Gene number is not a good predictor of biological complexity.
The complete genome sequences of many organisms allow us to make comparisons among them (Table 13.1). As different genomes were sequenced and annotated, it came as something of a surprise to find that humans have about the same number of protein-coding genes as many organisms with much smaller genomes. For example, the small flowering plant Arabidopsis thaliana has a genome only about 5% as large as that of humans, but the plant has at least as many protein-coding genes. And the nematode worm Caenorhabditis elegans contains only 959 cells, of which 302 are nerve cells that form the worm’s brain. Humans have 100 trillion cells, of which 100 billion are nerve cells. Despite having 100 million times as many cells as the worm, we have roughly the same number of protein-coding genes. Another example of the disconnect between level of complexity and genome size is the observation that the genome size of the mountain grasshopper Podisma pedestris is more than 100 times that of the fruit fly Drosophila melanogaster. While there is no agreed-upon definition of organismal complexity, it would be hard to make a case that grasshoppers are any more or less complex than fruit flies.

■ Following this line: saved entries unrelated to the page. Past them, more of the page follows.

(* The flip of d: the other diagonal of the quadrilateral formed by d and the apices of
   the two triangles adjacent to d. *)
Lemma flip_diagonal {D d} : noncrossing (d |: D) -> d \notin D ->
  exists2 e, noncrossing (e |: D) & cross d e.
Proof.
case/noncrossing_setU1P=> ncD; case: d => [[a b] /= d_diag] cab dD.
have /andP[ab not_closing] : (a.+1 < b) && ~~ ((a == 0 :> nat) && (b == n.-1 :> nat))
  := d_diag.
have not_d h : h \in D -> (val h).1 = a :> nat -> (val h).2 = b :> nat -> False.
  by move=> hD h1 h2; move: dD; rewrite -(@diag_inj h (exist _ (a, b) d_diag)) ?hD.
have [X /andP[aX Xb] [cX1 cX2]] := inner_apex ab ncD cab.
have [Y [[bY [cY1 cY2]] | [Ya [cY1 cY2]]]] := outer_apex (ltnW ab) not_closing ncD cab.
- have e_diag : is_diag (X, Y) by rewrite /is_diag /=; lia.
  exists (exist _ (X, Y) e_diag : diag n); last by rewrite cross_interleave /interleave /=; lia.
  apply/noncrossing_setU1P; split=> // h hD /=; apply/negP => cross_e.
  have [h1 h2] := quad_cross13 aX Xb bY (diag_lt h) (cX1 h hD) (cX2 h hD)
    (cY1 h hD) (cY2 h hD) cross_e.
  exact: not_d h1 h2.
- have e_diag : is_diag (Y, X) by rewrite /is_diag /=; have := ltn_ord b; lia.
  exists (exist _ (Y, X) e_diag : diag n); last by rewrite cross_interleave /interleave /=; lia.
  apply/noncrossing_setU1P; split=> // h hD /=; apply/negP => cross_e.
  have [h1 h2] := quad_cross02 Ya aX Xb (diag_lt h) (cY1 h hD) (cX1 h hD)
    (cX2 h hD) (cY2 h hD) cross_e.
  exact: not_d h1 h2.
Qed.

Lemma triangulation_noncrossing {T} : triangulation T -> noncrossing T.
Proof. by case/andP. Qed.

Lemma exists_triangulation_sup {D} : noncrossing D -> exists2 T, triangulation T & D \subset T.
Proof.
move=> ncD; pose P T := noncrossing T && (D \subset T).
have PD : P D by rewrite /P ncD subxx.
case: (arg_maxnP (fun T => #|T|) PD) => T /andP[ncT sDT] Tmax.
exists T => //; rewrite /triangulation ncT; apply/forall_inP => d ncdT.
have := Tmax (d |: T); rewrite /P ncdT (subset_trans sDT (subsetUr _ _)) cardsU1.
by case: (d \in T) => // /(_ isT) /=; rewrite add1n ltnn.
Qed.

Lemma exists_triangulation_avoiding {D d} : noncrossing D -> d \notin D ->
  exists2 T, triangulation T && (D \subset T) & d \notin T.
Proof.
move=> ncD dD; case: (boolP (noncrossing (d |: D))) => [ncdD | ncdD].
  have [e nceD cde] := flip_diagonal ncdD dD.
  have [T tT seT] := exists_triangulation_sup nceD.
  exists T; first by rewrite tT (subset_trans (subsetUr _ _) seT).
  have /noncrossingP ncT := triangulation_noncrossing tT.
  by apply: contraL cde => dT; apply: ncT => //; apply: (subsetP seT); rewrite setU11.
have [T tT sDT] := exists_triangulation_sup ncD.
exists T; first by rewrite tT sDT.
apply: contra ncdD => dT; apply: noncrossingS (triangulation_noncrossing tT).
by rewrite subUset sub1set dT.
Qed.

End Diagonals.

Local Open Scope ring_scope.

Lemma mean_indicator_eq (R : numFieldType) (I : finType) (S : {set I}) (P : pred I) (t : R) :
  S != set0 -> 0 < t ->
  (#|S|%:R^-1 * \sum_(i in S) (if P i then t else 0) == t) = [forall i in S, P i].
Proof.
move=> S0 t0; have cS : (#|S|%:R : R) != 0 by rewrite pnatr_eq0 -lt0n card_gt0.
have sum_t : \sum_(i in S) t = #|S|%:R * t by rewrite sumr_const mulr_natl.
apply/eqP/forall_inP => [mean_t i iS | all_P].
  have ge0 j : j \in S -> 0 <= t - (if P j then t else 0).
    by case: (P j); rewrite ?subrr ?subr0 // ltW.
  have : \sum_(j in S) (t - (if P j then t else 0)) = 0.
    by rewrite sumrB sum_t -{1}mean_t mulrA mulfV // mul1r subrr.
  move/(psumr_eq0P ge0)/(_ i iS); case: (P i) => //; rewrite subr0 => t_eq0.
  by move: t0; rewrite t_eq0 ltxx.
by rewrite (eq_bigr (fun=> t)) => [|i iS]; rewrite ?all_P // sum_t mulKf.
Qed.
Lemma maxclique_not_subset S X K L : maxclique S X K -> maxclique S X L -> K != L ->
  exists2 x, x \in K & x \notin L.
Proof.
move=> /andP[_ /existsP maxK] mL neqKL; apply/subsetPn/negP => sKL; apply: maxK.
by exists L; rewrite (maxclique_clique mL) properEneq neqKL.
Qed.

Lemma s_fun_clique S X : clique S X X -> s_fun S X = star n X.
Proof.
move=> cX; rewrite /s_fun (eq_bigl (pred1 X)) ?big_pred1_eq // => K /=.
apply/idP/eqP => [/andP[/and3P[sKX _ _] /existsP maxK] | ->].
  by apply/eqP; rewrite eqEproper sKX; apply: contra_notN maxK => ltKX; exists X; rewrite cX.
rewrite /maxclique cX; apply/existsP => -[K' /andP[/and3P[sK'X _ _]]].
by rewrite properE sK'X andbF.
Qed.

Lemma maxclique_nsubset S X Y : Y \subset X -> #|Y| = n -> complete S Y ->
  #|X| = n.+1 -> ~~ complete S X -> maxclique S X Y.
Proof.
move=> sYX cY okY cX nokX; rewrite /maxclique cliqueE sYX cY leqnn okY /=.
apply/existsP => -[K /andP[/and3P[sKX _ okK] ltYK]].
have eKX : K = X by apply/eqP; rewrite eqEcard sKX cX; move: (proper_card ltYK); rewrite cY.
by move: nokX; rewrite -eKX /complete okK.
Qed.

Lemma delta_ltn S X : (delta S X < n%:Z)%R = (#|X| < n + s_fun S X).
Proof. by rewrite /delta; apply/idP/idP; lia. Qed.

End Cliques.

Section Families.
Variables (n : nat) (T : finType).
Implicit Types (S : pred (n.-tuple T)) (A X Y K L P : {set T}) (G H : {set {set T}}).

Definition covered G K := [exists L in G, K \subset L].

Definition small_meets G :=
  forall L L', L \in G -> L' \in G -> L != L' -> #|L :&: L'| < n.-1.

Definition clique_cover S Y G :=
  forall K, clique S Y K = [&& K \subset Y, n <= #|K| & covered G K].

Definition sigma G Y := \sum_(L in G) star n (L :&: Y).

Definition maxcliques S A := [set K | maxclique S A K].

Lemma coveredP G K : reflect (exists2 L, L \in G & K \subset L) (covered G K).
Proof. exact: exists_inP. Qed.

Lemma small_meets_eq G L L' Y : small_meets G -> L \in G -> L' \in G ->
  Y \subset L -> Y \subset L' -> n.-1 <= #|Y| -> L = L'.
Proof.
move=> smG LG L'G sYL sYL' cY; apply/eqP; apply: contraLR cY => neqLL'.
rewrite -ltnNge (leq_ltn_trans _ (smG _ _ LG L'G neqLL')) //.
by rewrite subset_leq_card // subsetI sYL.
Qed.

Lemma maxclique_cover S Y G : small_meets G -> clique_cover S Y G ->
  forall K, maxclique S Y K = [exists L in G, (n <= #|L :&: Y|) && (K == L :&: Y)].
Proof.
move=> smG clG K; rewrite /maxclique clG; apply/idP/idP.
- case/andP => /and3P[sKY nK /coveredP[L LG sKL]] /existsP maxK.
  apply/exists_inP; exists L => //.
  have sKLY : K \subset L :&: Y by rewrite subsetI sKL sKY.
  case: (eqVneq K (L :&: Y)) => [<-|neqK]; first by rewrite nK.
  case: maxK; exists (L :&: Y); rewrite properEneq neqK sKLY clG subsetIr.
  rewrite (leq_trans nK (subset_leq_card sKLY)) /= andbT.
  by apply/coveredP; exists L; rewrite ?subsetIl.
- case/exists_inP => L LG /andP[nL /eqP ->].
  rewrite subsetIr nL; apply/andP; split; first by apply/coveredP; exists L; rewrite ?subsetIl.
  apply/existsP => -[K' /andP[]]; rewrite clG => /and3P[sK'Y nK' /coveredP[L' L'G sK'L']] ltK'.
  have sLY : L :&: Y \subset L' := subset_trans (proper_sub ltK') sK'L'.
  have eLL' := small_meets_eq smG LG L'G (subsetIl L Y) sLY (leq_trans (leq_pred n) nL).
  by move: ltK'; rewrite properE subsetI eLL' sK'L' sK'Y andbF.
Qed.

Lemma s_fun_cover S Y G : small_meets G -> clique_cover S Y G -> s_fun S Y = sigma G Y.
Proof.
move=> smG clG; pose G' := [set L in G | n <= #|L :&: Y|].
rewrite /s_fun (eq_bigl (mem [set L :&: Y | L in G'])); last first.
  move=> K; rewrite (maxclique_cover smG clG) /=; apply/exists_inP/imsetP.
    by case=> L LG /andP[nL /eqP ->]; exists L; rewrite // inE LG.
  by case=> L; rewrite inE => /andP[LG nL] ->; exists L; rewrite // nL eqxx.
rewrite big_imset /=; last first.
  move=> L L'; rewrite !inE => /andP[LG nL] /andP[L'G _] eLL'.
  apply: small_meets_eq smG LG L'G (subsetIl L Y) _ (leq_trans (leq_pred n) nL).
  by rewrite eLL' subsetIl.
rewrite /sigma [RHS](bigID (fun L => n <= #|L :&: Y|)) /= [X in _ + X]big1 ?addn0.
  by apply: eq_bigl => L; rewrite inE.
by move=> L /andP[_]; rewrite -ltnNge /star => ltLY; apply/eqP; rewrite subn_eq0.
Qed.

Lemma clique_cover_maxcliques S A Y : Y \subset A -> clique_cover S Y (maxcliques S A).
Proof.
move=> sYA K; rewrite !cliqueE; case sKY: (K \subset Y) => //=.
case nK: (n <= #|K|) => //=; apply/idP/coveredP => [okK | [L]].
  have cK : clique S A K by rewrite cliqueE (subset_trans sKY sYA) nK.
  by have [M mM sKM] := maxclique_exists cK; exists M; rewrite ?inE.
by rewrite inE => mL sKL; exact: complete_sub sKL (maxclique_complete mL).
Qed.

Lemma s_fun_cover_eq S S' Y G G' : clique_cover S Y G -> clique_cover S' Y G' ->
  (forall K, K \subset Y -> n <= #|K| -> covered G K = covered G' K) ->
  s_fun S Y = s_fun S' Y.
Proof.
move=> clG clG' eqG; have eq_clique K : clique S Y K = clique S' Y K.
  rewrite clG clG'; case sKY: (K \subset Y) => //=; case nK: (n <= #|K|) => //=.
  exact: eqG.
apply: eq_bigl => K; rewrite /maxclique eq_clique; congr (_ && ~~ _).
by apply: eq_existsb => K'; rewrite eq_clique.
Qed.

(* Pointwise this is the convexity of m |-> m.+1 - n. *)
Lemma sigma_supermodular G X Y :
  sigma G X + sigma G Y <= sigma G (X :|: Y) + sigma G (X :&: Y).
Proof.
rewrite /sigma -!big_split; apply: leq_sum => L _ /=; rewrite /star.
have := cardsUI (L :&: X) (L :&: Y); rewrite -setIUr setIACA setIid.
have := subset_leq_card (setIS L (subsetIl X Y)).
have := subset_leq_card (setIS L (subsetIr X Y)).
lia.
Qed.

Lemma sigma_grow G H Y P : H \subset G -> [disjoint P & Y] ->
  (forall L, L \in H -> P \subset L /\ n.-1 <= #|L :&: Y|) ->
  sigma G Y + #|H| * #|P| <= sigma G (Y :|: P).
Proof.
move=> sHG dPY HP; pose f L := star n (L :&: (Y :|: P)) - star n (L :&: Y).
have -> : sigma G (Y :|: P) = sigma G Y + \sum_(L in G) f L.
  rewrite /sigma -big_split; apply: eq_bigr => L _ /=; rewrite subnKC //.
  by rewrite leq_sub2r // ltnS subset_leq_card // setIS // subsetUl.
rewrite leq_add2l -sum_nat_const [X in _ <= X](big_setID H) (setIidPr sHG) /=.
apply: leq_trans (leq_addr _ _); apply: leq_sum => L /HP[sPL cLY].
have dLYP : [disjoint L :&: Y & P] by rewrite disjoint_sym (disjointWr (subsetIr L Y)).
have := cardsUI (L :&: Y) P; rewrite (disjoint_setI0 dLYP) cards0 addn0.
by rewrite /f /star setIUr (setIidPr sPL); lia.
Qed.

Hypothesis n_gt0 : 0 < n.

On the other hand, some organisms are able to do more things with the genes they have than other organisms. For example, the expression of protein-coding genes can be regulated in many subtle ways, causing different gene products to be made in different amounts in different cells at different times (Chapters 19 and 20). Differential gene expression allows the same protein-coding genes to be deployed in different combinations to yield a variety of distinct cell types. In addition, proteins can interact with one another so that, even though there are relatively few types of protein, they are capable of combining in many different ways to perform different functions. We also have seen that a single gene may yield multiple proteins, either because of alternative splicing (different exons are spliced together to make different proteins) or posttranslational modification (proteins undergo biochemical changes after they have been translated).
Overall, the data in Table 13.1 pose many tantalizing evolutionary questions and suggest that major evolutionary changes can be accomplished not only by the acquisition of whole new genes, but also by modifying existing genes and their regulation in subtle ways.